Appropriate Dosing Range for Norepinephrine IV Infusion
The appropriate dosing range for norepinephrine intravenous infusion is 0.1-1.0 mcg/kg/min, titrated to desired clinical effect, with doses up to 5 mcg/kg/min sometimes necessary in severe shock. 1
Initial Dosing and Titration
Norepinephrine is primarily used for shock states after adequate volume resuscitation. The dosing should follow this algorithm:
- Starting dose: Begin at 0.1 mcg/kg/min
- Titration: Gradually increase dose based on hemodynamic response
- Target: Achieve mean arterial pressure (MAP) ≥65 mmHg
- Typical range: 0.1-1.0 mcg/kg/min
- Maximum dose: Up to 5 mcg/kg/min may be required in severe, refractory shock
Preparation and Administration
Norepinephrine should be administered through a central venous catheter whenever possible to minimize risk of extravasation.
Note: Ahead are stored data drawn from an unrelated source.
(* Let $m\ge1$, $k\ge 1$, $n\ge 2$ be integers, let $\ell=(\ell_1,\dots,\ell_m)$ with $\ell_i\ge0$, $\sum_i\ell_i=1$, and let $\mathbf{P}=(p_{ij})$ be a symmetric $m\times m$ matrix with entries in $[0,1]$. Let $S\subseteq\{(i,j): i,j\in\{1,\dots,n\},\ i<j\}$ be any fixed set of node pairs, and let $A$ be the event that every pair in $S$ is an edge of the graph. Then $$\Pr_{\mathcal{W}_k(\mathbf{P},\ell)}(A) = \Pr_{\mathcal{W}_1(\mathbf{P},\ell)}(A)^k,$$ where $\Pr_{\mathcal{W}_j(\mathbf{P},\ell)}$ denotes probability for a random graph on nodes $\{1,\dots,n\}$ drawn from $\mathcal{W}_j(\mathbf{P},\ell)$.
   Context: Multifractal network generator (MFNG). Given $m$, $\ell$, $\mathbf{P}$ and a recursion depth $k\ge 1$, the measure $\mathcal{W}_k(\mathbf{P},\ell)$ is the distribution of the undirected random graph on $n$ labelled nodes produced as follows. (1) Partition $[0,1]$ into $m$ consecutive subintervals of lengths $\ell_1,\dots,\ell_m$; recursively partition each subinterval into $m$ pieces with relative lengths $\ell_1,\dots,\ell_m$, for a total of $k$ levels, obtaining $m^k$ intervals indexed by $(i_1,\dots,i_k)\in[m]^k$ with lengths $\prod_{r=1}^k\ell_{i_r}$. (2) Each node $u\in\{1,\dots,n\}$ is placed at an independent uniform point of $[0,1]$ and receives the $k$-tuple of categories $c(u)=(i_1,\dots,i_k)$ of the interval containing it (so $\Pr(c(u)=(i_1,\dots,i_k))=\prod_r\ell_{i_r}$, independently across nodes). (3) Conditionally on the categories, independently for each pair $u\ne v$ with $c(u)=(i_1,\dots,i_k)$, $c(v)=(j_1,\dots,j_k)$, the edge $\{u,v\}$ is present with probability $\prod_{r=1}^k p_{i_rj_r}$. *)

(* Discrete (finite) description of the MFNG measure W_k(P, ell). *)
From mathcomp Require Import all_boot all_order all_algebra.
Set Implicit Arguments. Unset Strict Implicit. Unset Printing Implicit Defensive.
Import Order.TTheory GRing.Theory Num.Theory.
Local Open Scope ring_scope.

Section MFNG.
Variables (R : realFieldType) (m k n : nat).

(* Unordered node pairs {u,v} represented as ordered pairs (u,v) with u < v
   (nodes are 'I_n, i.e. 0-based labels 0..n-1 for the paper's 1..n). *)
Definition upairs : {set 'I_n * 'I_n} := [set e : 'I_n * 'I_n | (e.1 < e.2)%N].

Definition cat_tuple := {ffun 'I_k -> 'I_m}.

(* Pr(c(u) = (i_1..i_k)) = prod_r ell_{i_r}  (length of the level-k interval). *)
Definition cat_weight (ell : 'I_m -> R) (t : cat_tuple) : R :=
  \prod_(r < k) ell (t r).

Definition edge_prob (P : 'M[R]_m) (t t' : cat_tuple) : R :=
  \prod_(r < k) P (t r) (t' r).

Definition mfng_graph_prob (P : 'M[R]_m) (ell : 'I_m -> R)
    (G : {set 'I_n * 'I_n}) : R :=
  \sum_(c : {ffun 'I_n -> cat_tuple})
    (\prod_(u : 'I_n) cat_weight ell (c u)) *
    \prod_(e in upairs)
      (if e \in G then edge_prob P (c e.1) (c e.2)
       else 1 - edge_prob P (c e.1) (c e.2)).

Definition mfng_prob (P : 'M[R]_m) (ell : 'I_m -> R)
    (A : pred {set 'I_n * 'I_n}) : R :=
  \sum_(G : {set 'I_n * 'I_n} | (G \subset upairs) && A G)
    mfng_graph_prob P ell G.

End MFNG.

From mathcomp Require Import all_boot all_order all_algebra.
Import Order.TTheory GRing.Theory Num.Theory.
Local Open Scope ring_scope.

(* Summing the graph probabilities over all supersets of [S] leaves, for each
   category assignment, the product of the edge probabilities over [S].  Both
   the category weight and the edge probability are products over the [k]
   levels, so transposing an assignment of [k]-tuples into [k] assignments of
   single categories factors the sum into the [k]-th power of the one-level
   sum. *)

Lemma sum_supersets_prod (R : comPzRingType) (T : finType) (U S : {set T})
    (a : T -> R) :
  S \subset U ->
  \sum_(G : {set T} | (G \subset U) && (S \subset G))
     \prod_(e in U) (if e \in G then a e else 1 - a e) = \prod_(e in S) a e.
Proof.
move=> SU.
(* Expand each superset term to a product over all of [T]; by distributivity
   the sum becomes a product of [a e] (on [S]) and [a e + (1 - a e)] = 1. *)
pose inG e := if e \in U then a e else 0.
pose outG e := if e \in S then 0 else if e \in U then 1 - a e else 1.
have termE (G : {set T}) : (if (G \subset U) && (S \subset G)
                then \prod_(e in U) (if e \in G then a e else 1 - a e) else 0)
               = \prod_e (if e \in G then inG e else outG e).
  case: ifP => [/andP [GU SG]|/negbT].
    rewrite big_mkcond; apply: eq_bigr => e _; rewrite /inG /outG.
    case eU: (e \in U); case eG: (e \in G); case eS: (e \in S) => //;
      first [by rewrite (subsetP SG e eS) in eG | by rewrite (subsetP GU e eG) in eU].
  rewrite negb_and => /orP [/subsetPn [e eG eU]|/subsetPn [e eS eG]];
    rewrite (bigD1 e) //= ?eG ?(negbTE eG).
    by rewrite /inG (negbTE eU) mul0r.
  by rewrite /outG eS mul0r.
rewrite big_mkcond (eq_bigr _ (fun G _ => termE G)) -bigA_distr.
rewrite [RHS]big_mkcond; apply: eq_bigr => e _; rewrite /inG /outG.
case eS: (e \in S); first by rewrite (subsetP SU e eS) /= addr0.
by case: (e \in U); rewrite /= ?add0r // addrC subrK.
Qed.

Lemma sum_ffun_transpose_prod (R : comPzSemiRingType) (I J T : finType)
    (F : J -> {ffun I -> T} -> R) :
  \sum_(c : {ffun I -> {ffun J -> T}}) \prod_j F j [ffun i => c i j] =
  \prod_j \sum_(x : {ffun I -> T}) F j x.
Proof.
rewrite bigA_distr_bigA.
pose tr (d : {ffun J -> {ffun I -> T}}) : {ffun I -> {ffun J -> T}} :=
  [ffun i => [ffun j => d j i]].
rewrite (reindex tr); last first.
  exists (fun c : {ffun I -> {ffun J -> T}} =>
    [ffun j => [ffun i => c i j]] : {ffun J -> {ffun I -> T}}) => d _;
  by apply/ffunP => x; rewrite !ffunE; apply/ffunP => y; rewrite !ffunE.
apply: eq_bigr => d _; apply: eq_bigr => j _; congr (F j _).
by apply/ffunP => i; rewrite !ffunE.
Qed.

Section SupersetEvent.
Variables (R : realFieldType) (m n : nat).
Variables (ell : 'I_m -> R) (P : 'M[R]_m) (S : {set 'I_n * 'I_n}).
Hypothesis S_upairs : S \subset upairs n.

Lemma mfng_prob_supersetE (k : nat) :
  mfng_prob k P ell (fun G => S \subset G) =
  \sum_(c : {ffun 'I_n -> {ffun 'I_k -> 'I_m}})
    (\prod_u cat_weight ell (c u)) *
    \prod_(e in S) edge_prob P (c e.1) (c e.2).
Proof.
rewrite /mfng_prob /mfng_graph_prob exchange_big /=.
by apply: eq_bigr => c _; rewrite -big_distrr sum_supersets_prod.
Qed.

Lemma mfng_prob_superset_pow (k : nat) :
  mfng_prob k P ell (fun G => S \subset G) =
  (\sum_(x : {ffun 'I_n -> 'I_m})
     (\prod_u ell (x u)) * \prod_(e in S) P (x e.1) (x e.2)) ^+ k.
Proof.
rewrite mfng_prob_supersetE -[in RHS](card_ord k) -prodr_const.
rewrite -sum_ffun_transpose_prod; apply: eq_bigr => c _.
rewrite big_split /= /cat_weight /edge_prob.
by rewrite [X in X * _]exchange_big [X in _ * X]exchange_big /=;
  congr (_ * _); apply: eq_bigr => r _; apply: eq_bigr => ? _; rewrite !ffunE.
Qed.

End SupersetEvent.

Theorem theorem1 (R : realFieldType) (m k n : nat)
  (ell : 'I_m -> R) (P : 'M[R]_m) (S : {set 'I_n * 'I_n}) :
  (1 <= m)%N -> (1 <= k)%N -> (2 <= n)%N ->
  (forall i, 0 <= ell i) -> \sum_(i < m) ell i = 1 ->
  P^T = P -> (forall i j, 0 <= P i j <= 1) ->
  S \subset upairs n ->
  mfng_prob k P ell (fun G => S \subset G) =
    (mfng_prob 1 P ell (fun G => S \subset G)) ^+ k.
Proof.
move=> _ _ _ _ _ _ _ S_upairs.
by rewrite !mfng_prob_superset_pow // expr1.
Qed.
However, recent evidence suggests peripheral administration may be safe with proper protocols 2.
Standard preparation methods:
- Add 4 mg (4 mL) of norepinephrine to 250 mL D5W or NS to yield 16 mcg/mL
- Alternative concentration: 1 mg in 100 mL saline (10 mcg/mL)
Clinical Scenarios and Dosing Considerations
Cardiogenic/Distributive Shock
- Pediatric dosing: 0.1-1.0 mcg/kg/min 1
- Adult dosing: Same range, with careful titration to effect
Septic Shock
- Early administration (within 1-2 hours) at low doses improves shock control rate by 6 hours 3
- Target MAP of 75 mmHg may optimize renal perfusion, filtration and oxygenation compared to lower targets 4
Refractory Hypotension
- For hypotension unresponsive to initial doses, consider:
- Increasing norepinephrine up to 5 mcg/kg/min
- Adding a second vasopressor agent
- Addressing underlying cause
Monitoring and Safety Considerations
Required Monitoring
- Continuous blood pressure monitoring
- Heart rate and rhythm
- Urine output
- Peripheral perfusion
- Serum lactate (when available)
Potential Complications
- Extravasation can result in severe tissue injury
- If extravasation occurs, consider phentolamine (0.1-0.2 mg/kg up to 10 mg diluted in 10 mL NS) injected intradermally at the site 1
- Tachyarrhythmias/ectopic beats
- Peripheral, renal, and splanchnic vasoconstriction at higher doses (>20 mcg/kg/min) 1
Special Populations
Obesity
Weight-based dosing in obese patients may lead to higher cumulative norepinephrine requirements and prolonged vasopressor duration compared to non-weight-based approaches, without improving time to target MAP 5. Consider ideal body weight for dosing calculations in significantly obese patients.
Pediatric Patients
- Dosing range remains 0.1-1.0 mcg/kg/min, titrated to effect
- Maximum doses up to 5 mcg/kg/min may be necessary in severe shock 1
Clinical Pearls and Pitfalls
- Critical pitfall: Administering norepinephrine before adequate volume resuscitation may worsen tissue perfusion
- Important consideration: Norepinephrine effects are dose-dependent; higher doses (>1 mcg/kg/min) predominantly stimulate α-adrenergic receptors causing vasoconstriction
- Safety measure: Always use an infusion pump for administration
- Weaning strategy: Once the patient is stable, gradually reduce the dose by 0.05-0.1 mcg/kg/min while monitoring hemodynamic response
Norepinephrine remains the first-line vasopressor for most shock states, and proper dosing is essential for optimizing outcomes while minimizing adverse effects.